# how often should i feed nursing cat?



## crystal_ds (Mar 3, 2009)

she doesn't seem to want to eat the dry food at all. she has nibbled a few pieces but that's it. when i put down the wet food she gobbled up the entire pouch in like 5 minutes! so i guess i have to feed her just wet food b/c she will go hungry with the dry :roll: how often should i feed her? how many pouches or cans a day? it is nutro natural choice for kittens in the pink pouch. the guy at the store said it's good stuff, idk?


----------



## laurief (Jun 22, 2008)

A nursing queen has a HUGE nutritional requirement, so you should pretty much feed her all she'll eat. I wouldn't feed her huge meals, though. It's better to feed normal sized meals every 3-4 hrs, if she wants to eat that frequently.

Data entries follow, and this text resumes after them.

(* Let $G=(V,E)$ be a finite tree, fix a vertex $i\in V$, and let $\phi:V\to\mathbb{R}_{\ge 0}$ be defined as below. Then for every starting vertex $j\in V$, the path $x_0=j,x_1,x_2,\dots$ produced by the descent rule (at each step $x_{k+1}$ is a neighbor of $x_k$ at which $\phi$ is minimal among all neighbors of $x_k$, continuing until $x_k=i$) is the shortest path from $j$ to $i$ in $G$, i.e. it has length equal to the graph distance $d(j,i)$, regardless of how ties are broken.
   Context: $L=D-A$ is the Laplacian matrix of $G$ ($D$ diagonal with $D_{vv}=\deg_G(v)$, $A$ the adjacency matrix). Let $C_1,\dots,C_m$ be the connected components of $G-i$ (the graph with $i$ and its incident edges deleted), and let $L_{C_k}$ denote the principal submatrix of $L$ indexed by the vertices of $C_k$ (with degrees taken in $G$). The function $\phi$ is defined by $\phi(i)=0$ and, on each $C_k$, $\phi$ equals a strictly positive eigenvector of $L_{C_k}$ associated with its smallest eigenvalue (this eigenvalue is positive and simple, and such a positive eigenvector exists and is unique up to positive scaling). *)

From HB Require Import structures.
From mathcomp Require Import all_boot all_order all_algebra.
From mathcomp Require Import reals.
Set Implicit Arguments. Unset Strict Implicit. Unset Printing Implicit Defensive.
Import Order.TTheory GRing.Theory Num.Theory.
Local Open Scope ring_scope.

Section Defs.
Variable V : finType.
Variable e : rel V.

Definition is_simple_graph : Prop := symmetric e /\ irreflexive e.
Definition is_connected : Prop := forall x y : V, connect e x y.
Definition is_acyclic : Prop :=
  forall s : seq V, uniq s -> (3 <= size s)%N -> ~~ cycle e s.
Definition is_tree : Prop := [/\ is_simple_graph, is_connected & is_acyclic].

Definition deg (v : V) : nat := #|[set u | e v u]|.
Lemma nedgesD1 A v : v \in A -> nedges A = nedges (A :\ v) + degree A v.
Proof.
move=> vA; rewrite /nedges -(cardsID [set e : {set T} | v \in e]) addnC.
congr (_ + _).
  apply: eq_card => e; rewrite !inE subsetD1.
  by case: (v \in e); case: (e \subset A); rewrite /= ?andbF ?andbT.
rewrite /degree -(@card_in_imset _ _ (fun u => [set v; u])); last first.
  move=> u u' /[!inE] /andP[_ avu] /andP[_ avu'] /setP /(_ u').
  rewrite !inE eqxx orbT => /predU1P[u'v|/eqP //].
  by move: avu'; rewrite u'v (negbTE (adj_irr v)).
apply: eq_card => e; rewrite in_setI 2!in_set; apply/idP/imsetP.
  case/andP=> /andP[/edgesP[x [y [axy ->]]] sA]; rewrite !inE.
  case/orP=> /eqP vx; subst v.
    by exists y; rewrite // inE axy (subsetP sA) // !inE eqxx orbT.
  by exists x; rewrite 1?setUC // inE adjC axy (subsetP sA) // !inE eqxx.
case=> u /setIdP[uA avu] ->; rewrite set21 andbT.
apply/andP; split; first by apply/edgesP; exists v, u.
by apply/subsetP => x /[!inE] /orP[] /eqP ->.
Qed.

Lemma degree_le A v : degree A v <= #|A :\ v|.
Proof.
apply/subset_leq_card/subsetP => u /[!inE] /andP[uA avu].
by rewrite uA eq_sym adj_neq.
Qed.

Lemma nedges_set0 : nedges set0 = 0.
Proof.
apply/eqP; rewrite cards_eq0; apply/eqP/setP => e; rewrite in_set0.
by apply/setIdP => -[/edgesP[x [y [_ ->]]] /subsetP/(_ x)]; rewrite set21 inE => /(_ isT).
Qed.

Lemma nedges_le A : nedges A <= 'C(#|A|, 2).
Proof.
elim/set_card_ind: A => A IH; have [->|[v vA]] := set_0Vmem A.
  by rewrite nedges_set0.
have := IH _ (proper_card (properD1 vA)); have := degree_le A v.
rewrite (nedgesD1 vA) [#|A|](cardsD1 v A) vA add1n bin2S; lia.
Qed.

Lemma completeP A x y : complete A -> x \in A -> y \in A -> x != y -> adj x y.
Proof. by move=> /forall_inP/(_ x) cA /cA/forall_inP/(_ y) cxA /cxA/implyP. Qed.

Lemma complete_sub B A : B \subset A -> complete A -> complete B.
Proof.
move=> /subsetP sBA cA; apply/forall_inP => x xB; apply/forall_inP => y yB.
exact/implyP/(completeP cA (sBA _ xB) (sBA _ yB)).
Qed.

Lemma complete_set0 : complete set0.
Proof. by apply/forall_inP => x; rewrite inE. Qed.

Lemma complete_card_le1 A : #|A| <= 1 -> complete A.
Proof.
move=> A1; apply/forall_inP => x xA; apply/forall_inP => y yA.
by rewrite (card_le1_eqP A1 x y xA yA) eqxx.
Qed.

Lemma degree_complete A v : complete A -> v \in A -> degree A v = #|A :\ v|.
Proof.
move=> cA vA; apply: eq_card => u; rewrite !inE andbC.
have [->|uv] /= := eqVneq u v; first by rewrite (negbTE (adj_irr v)).
by case: (boolP (u \in A)) => uA; rewrite ?andbT ?andbF // (completeP cA vA uA) // eq_sym.
Qed.

Lemma nedges_complete A : complete A -> nedges A = 'C(#|A|, 2).
Proof.
elim/set_card_ind: A => A IH cA; have [->|[v vA]] := set_0Vmem A.
  by rewrite nedges_set0 cards0.
rewrite (nedgesD1 vA) (degree_complete cA vA) IH ?(proper_card (properD1 vA)) //.
  by rewrite [#|A|](cardsD1 v A) vA add1n bin2S.
exact: complete_sub (subD1set A v) cA.
Qed.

Any high quality kitten or all life stages food will do. Innova, Evo, and Wellness brands are widely considered high quality.

Laurie


----------



## crystal_ds (Mar 3, 2009)

i did pick up the wellness dry food and she won't eat that any more than she ate the science diet! idk, maybe i will have the vet check her teeth when she goes for a checkup, but she could just be super picky. i don't want to set out more food than she will eat and then have to throw it all away but i guess i'll just free feed and try to judge how much she's actually eating. can i switch between wet food brands or is that bad like switching dry food? i have a few different kinds here.


----------



## laurief (Jun 22, 2008)

You can switch canned foods around. Wellness makes canned food as well as dry. Same with Innova, Evo, and some of the other premium brands.

I wouldn't leave canned food out for her to free feed. She may overeat and make herself sick, or she may leave it until it spoils. If you can't feed her canned meals throughout the day, then buy a small bag of a premium dry kibble like Wellness or Evo and leave some out for her to nibble during the day when you're not around to feed her canned. Then give her canned meals whenever you are home to do it.

Laurie


----------



## crystal_ds (Mar 3, 2009)

how long till wet food spoils??? i feel like i should know this but i've always free fed dry food and gave 1 can/pouch of wet a day  that is obviously not working with her lol.


----------